(* Let $F\subsetneq K$ be fields of characteristic $0$, with $F$ a proper nonempty subfield of $K$. Let $p(x)=\sum_{k=0}^{n}a_k x^k\in K[x]$ be non-constant with $a_n\neq 0$, and let $q(x)=\sum_{j=0}^{m}b_j x^j\in K[x]\setminus F[x]$ with $b_m\neq 0$ and $b_m\in F$. If $b_j\notin F$ for some $j\geq 1$, then $p\circ q\notin F[x]$.
   Context: $F[x]$ denotes the set of polynomials with all coefficients in $F$. *)

From HB Require Import structures.
From mathcomp Require Import all_boot all_order all_algebra.
Set Implicit Arguments. Unset Strict Implicit. Unset Printing Implicit Defensive.
Import Order.TTheory GRing.Theory Num.Theory.

From HB Require Import structures.
From mathcomp Require Import all_boot all_order all_algebra.
(* Let k >= 1 be the largest index with q_k outside F, and split q = h + e where
   h in F[x] collects the coefficients of q above k and e has degree k with
   leading coefficient q_k.  With n = deg p and a its leading coefficient,
   a = lc(p o q) / lc(q)^n lies in F, hence so does p o q - a h^n.  Its
   leading term comes from a (q^n - h^n) = a e (q^(n-1) + ... + h^(n-1)),
   since (p - a X^n) o q has smaller degree; so it equals a n lc(q)^(n-1) q_k,
   and characteristic 0 forces q_k in F, a contradiction. *)

Set Implicit Arguments.
Unset Strict Implicit.
Unset Printing Implicit Defensive.

Import GRing.Theory.
Local Open Scope ring_scope.

Lemma size_poly_exact (R : nzSemiRingType) (p : {poly R}) N :
  p`_N != 0 -> (size p <= N.+1)%N -> size p = N.+1.
Proof.
move=> pN_nz le_pN; apply/eqP; rewrite eqn_leq le_pN ltnNge.
by apply: contra pN_nz => /leq_sizeP->.
Qed.

Lemma size_sub_lead_coef (R : nzRingType) (p : {poly R}) :
  (size (p - lead_coef p *: 'X^((size p).-1))%R <= (size p).-1)%N.
Proof.
apply/leq_sizeP => i le_ni; rewrite coefB coefZ coefXn.
have [->|ne_in] := eqVneq i (size p).-1.
  by rewrite mulr1 lead_coefE subrr.
have lt_ni : ((size p).-1 < i)%N by rewrite ltn_neqAle eq_sym ne_in le_ni.
by rewrite mulr0 subr0 nth_default // (leq_trans (leqSpred _) lt_ni).
Qed.

Lemma size_exp_neq0 (R : idomainType) (p : {poly R}) k :
  p != 0 -> size (p ^+ k) = ((size p).-1 * k).+1.
Proof. by move=> p_nz; rewrite polySpred ?expf_neq0 // size_exp. Qed.

Section PowerDifference.

Variable R : idomainType.
Variables q h : {poly R}.
Hypothesis size_sub_lt : (size (q - h)%R < size h)%N.

Let h_nz : h != 0.
Proof. by rewrite -size_poly_gt0 (leq_ltn_trans _ size_sub_lt). Qed.

Lemma size_eq_sub_small : size q = size h.
Proof. by rewrite -[q](subrK h) addrC size_polyDl. Qed.

Lemma lead_coef_eq_sub_small : lead_coef q = lead_coef h.
Proof. by rewrite -[q](subrK h) addrC lead_coefDl. Qed.

Let q_nz : q != 0.
Proof. by rewrite -size_poly_gt0 size_eq_sub_small size_poly_gt0. Qed.

Let geom_sum n := \sum_(i < n) q ^+ (n.-1 - i) * h ^+ i.

Lemma size_lead_coef_geom_sum n (m := (size h).-1) : n%:R != 0 :> R ->
  size (geom_sum n) = (m * n.-1).+1 /\
  lead_coef (geom_sum n) = lead_coef h ^+ n.-1 *+ n.
Proof.
move=> n_nz.
have n_gt0 : (0 < n)%N by rewrite lt0n; apply: contra n_nz => /eqP->.
have split_n i : (i < n)%N -> (n.-1 - i + i)%N = n.-1.
  by move=> lt_in; rewrite subnK // -ltnS prednK.
have size_term (i : 'I_n) : size (q ^+ (n.-1 - i) * h ^+ i) = (m * n.-1).+1.
  rewrite size_mul ?expf_neq0 // !size_exp_neq0 // size_eq_sub_small.
  by rewrite addSn addnS /= -mulnDr split_n.
have lead_term (i : 'I_n) :
    (q ^+ (n.-1 - i) * h ^+ i)`_(m * n.-1) = lead_coef h ^+ n.-1.
  by rewrite -[X in _`_X]/((m * n.-1).+1.-1) -(size_term i) -lead_coefE
    lead_coefM !lead_coef_exp lead_coef_eq_sub_small -exprD split_n.
have top_coef : (geom_sum n)`_(m * n.-1) = lead_coef h ^+ n.-1 *+ n.
  by rewrite coef_sum (eq_bigr _ (fun i _ => lead_term i)) sumr_const card_ord.
have size_sum_eq : size (geom_sum n) = (m * n.-1).+1.
  apply: size_poly_exact.
    by rewrite top_coef -mulr_natr mulf_neq0 ?expf_neq0 ?lead_coef_eq0.
  apply: leq_trans (size_sum _ _ _) _; apply/bigmax_leqP => i _.
  by rewrite size_term.
by rewrite lead_coefE size_sum_eq.
Qed.

Lemma size_lead_coef_subrXX n : n%:R != 0 :> R -> q != h ->
  size (q ^+ n - h ^+ n) = ((size h).-1 * n.-1 + size (q - h)%R)%N /\
  lead_coef (q ^+ n - h ^+ n) = lead_coef (q - h) * (lead_coef h ^+ n.-1 *+ n).
Proof.
move=> n_nz; rewrite -subr_eq0 => qh_nz.
have [size_S lead_S] := size_lead_coef_geom_sum n_nz.
have S_nz : geom_sum n != 0 by rewrite -size_poly_gt0 size_S.
rewrite subrXX -/(geom_sum n) lead_coefM lead_S size_mul // size_S.
by rewrite addnS addnC.
Qed.

Lemma lead_coef_comp_sub_lead_pow (p : {poly R}) (n := (size p).-1) :
  n%:R != 0 :> R -> (1 < size (q - h)%R)%N ->
  lead_coef (p \Po q - lead_coef p *: h ^+ n) =
  lead_coef p * (lead_coef (q - h) * (lead_coef h ^+ n.-1 *+ n)).
Proof.
move=> n_nz size_qh_gt1.
have qh_neq : q != h by rewrite -subr_eq0 -size_poly_gt0 ltnW.
have [size_D lead_D] := size_lead_coef_subrXX n_nz qh_neq.
have a_nz : lead_coef p != 0.
  rewrite lead_coef_eq0 -size_poly_gt0 lt0n.
  by apply: contra n_nz => /eqP size_p0; rewrite /n size_p0.
have -> : p \Po q - lead_coef p *: h ^+ n =
    (p - lead_coef p *: 'X^n) \Po q + lead_coef p *: (q ^+ n - h ^+ n).
  by rewrite comp_polyB comp_polyZ comp_Xn_poly scalerBr addrA subrK.
rewrite [lead_coef (_ + _ *: _)]lead_coefDr ?lead_coefZ ?lead_D //.
rewrite size_scale // size_D.
(* Degree m (n - 1) on the left against m (n - 1) + deg (q - h) on the right:
   this is where deg (q - h) >= 1 is needed. *)
apply: leq_ltn_trans (size_comp_poly_leq _ _) _.
have le_deg : ((size (p - lead_coef p *: 'X^n)%R).-1 <= n.-1)%N.
  by rewrite -!subn1 leq_sub2r ?size_sub_lead_coef.
rewrite size_eq_sub_small mulnC -addn2.
exact: leq_add (leq_mul (leqnn _) le_deg) size_qh_gt1.
Qed.

End PowerDifference.

Section PolyOverSubfield.

Variables (K : fieldType) (F : divringClosed K).

Lemma lead_coef_polyOver_comp (p q : {poly K}) :
  (1 < size q)%N -> lead_coef q \in F -> p \Po q \is a polyOver F ->
  lead_coef p \in F.
Proof.
move=> size_q_gt1 lead_qF /polyOverP/(_ (size (p \Po q)).-1).
have lead_q_nz : lead_coef q != 0 by rewrite lead_coef_eq0 -size_poly_gt0 ltnW.
by rewrite -lead_coefE lead_coef_comp // fpredMr ?rpredX ?expf_neq0.
Qed.

Lemma exists_polyOver_high_part (q : {poly K}) :
  (exists j, (0 < j)%N /\ q`_j \notin F) -> lead_coef q \in F ->
  exists2 h, h \is a polyOver F &
    (1 < size (q - h)%R < size h)%N /\ lead_coef (q - h) \notin F.
Proof.
case=> j [j_gt0 qjNF] lead_qF.
have notF_nz x : x \notin F -> x != 0 by apply: contra => /eqP->; exact: rpred0.
have lt_j : (j < size q)%N.
  by rewrite ltnNge; apply: contra (notF_nz _ qjNF) => /leq_sizeP->.
pose P i := (i < size q)%N && (q`_i \notin F).
have exP : exists i, P i by exists j; rewrite /P lt_j.
have ubP i : P i -> (i <= size q)%N by case/andP => /ltnW.
have [k /andP[lt_k qkNF] max_k] := ex_maxnP exP ubP.
have le_jk : (j <= k)%N by apply: max_k; rewrite /P lt_j.
have ltS_k : (k.+1 < size q)%N.
  rewrite ltn_neqAle lt_k andbT; apply: contra qkNF => /eqP size_q.
  by rewrite lead_coefE -size_q in lead_qF.
have highF i : (k < i)%N -> q`_i \in F.
  move=> lt_ki; have [lt_iq|le_qi] := ltnP i (size q).
    apply: contraT => qiNF; have := max_k i.
    by rewrite /P lt_iq qiNF leqNgt lt_ki => /(_ isT).
  by rewrite nth_default ?rpred0.
set t := take_poly k.+1 q.
have size_t : size t = k.+1.
  apply: size_poly_exact; last exact: size_take_poly.
  by rewrite coef_take_poly ltnSn notF_nz.
exists (q - t).
  apply/polyOverP => i; rewrite coefB coef_take_poly.
  by case: ltnP => [_|le_ki]; rewrite ?subrr ?rpred0 ?subr0 ?highF.
rewrite opprB addrC subrK size_t ltnS lead_coefE size_t coef_take_poly ltnSn.
by rewrite (leq_trans j_gt0 le_jk) size_addl ?size_opp ?size_t.
Qed.

End PolyOverSubfield.

Theorem proposition11 (K : fieldType) (F : divringClosed K)
  (charK0 : [pchar K] =i pred0)
  (F_proper : exists x : K, x \notin F)
  (p q : {poly K})
  (p_nonconst : (1 < size p)%N)
  (q_notF : q \notin polyOver F)
  (q_nz : q != 0)
  (lc_q_F : lead_coef q \in F)
  (hj : exists j : nat, (0 < j)%N /\ q`_j \notin F) :
  (p \Po q) \notin polyOver F.
Proof.
(* [F_proper], [q_notF] and [q_nz] are all consequences of [hj]. *)
apply/negP => pqF.
have [h hF [/andP[size_qh_gt1 size_qh_lt] lead_qhNF]] :=
  exists_polyOver_high_part hj lc_q_F.
set n := (size p).-1.
have n_nz : n%:R != 0 :> K.
  by rewrite (pcharf0P _).1 // -lt0n /n -subn1 subn_gt0.
have size_q_gt1 : (1 < size q)%N.
  by rewrite (size_eq_sub_small size_qh_lt) (ltn_trans size_qh_gt1).
have lead_pF := lead_coef_polyOver_comp size_q_gt1 lc_q_F pqF.
have lead_hF : lead_coef h \in F.
  by rewrite -(lead_coef_eq_sub_small size_qh_lt).
have lead_p_nz : lead_coef p != 0 by rewrite lead_coef_eq0 -size_poly_gt0 ltnW.
have lead_h_nz : lead_coef h != 0.
  by rewrite lead_coef_eq0 -size_poly_gt0 (leq_ltn_trans _ size_qh_lt).
have : p \Po q - lead_coef p *: h ^+ n \is a polyOver F.
  by rewrite rpredB ?polyOverZ ?rpredX.
move/polyOverP/(_ (size (p \Po q - lead_coef p *: h ^+ n)).-1).
rewrite -lead_coefE lead_coef_comp_sub_lead_pow // fpredMl // fpredMr //.
- by rewrite (negbTE lead_qhNF).
- by rewrite rpredMn ?rpredX.
- by rewrite -mulr_natr mulf_neq0 ?expf_neq0.
Qed.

Work request — Pull out all lines from the listing that contain the string "characteristic".

Task response —
(* Let $F\subsetneq K$ be fields of characteristic $0$, with $F$ a proper nonempty subfield of $K$. Let $p(x)=\sum_{k=0}^{n}a_k x^k\in K[x]$ be non-constant with $a_n\neq 0$, and let $q(x)=\sum_{j=0}^{m}b_j x^j\in K[x]\setminus F[x]$ with $b_m\neq 0$ and $b_m\in F$. If $b_j\notin F$ for some $j\geq 1$, then $p\circ q\notin F[x]$.
   and characteristic 0 forces q_k in F, a contradiction. *)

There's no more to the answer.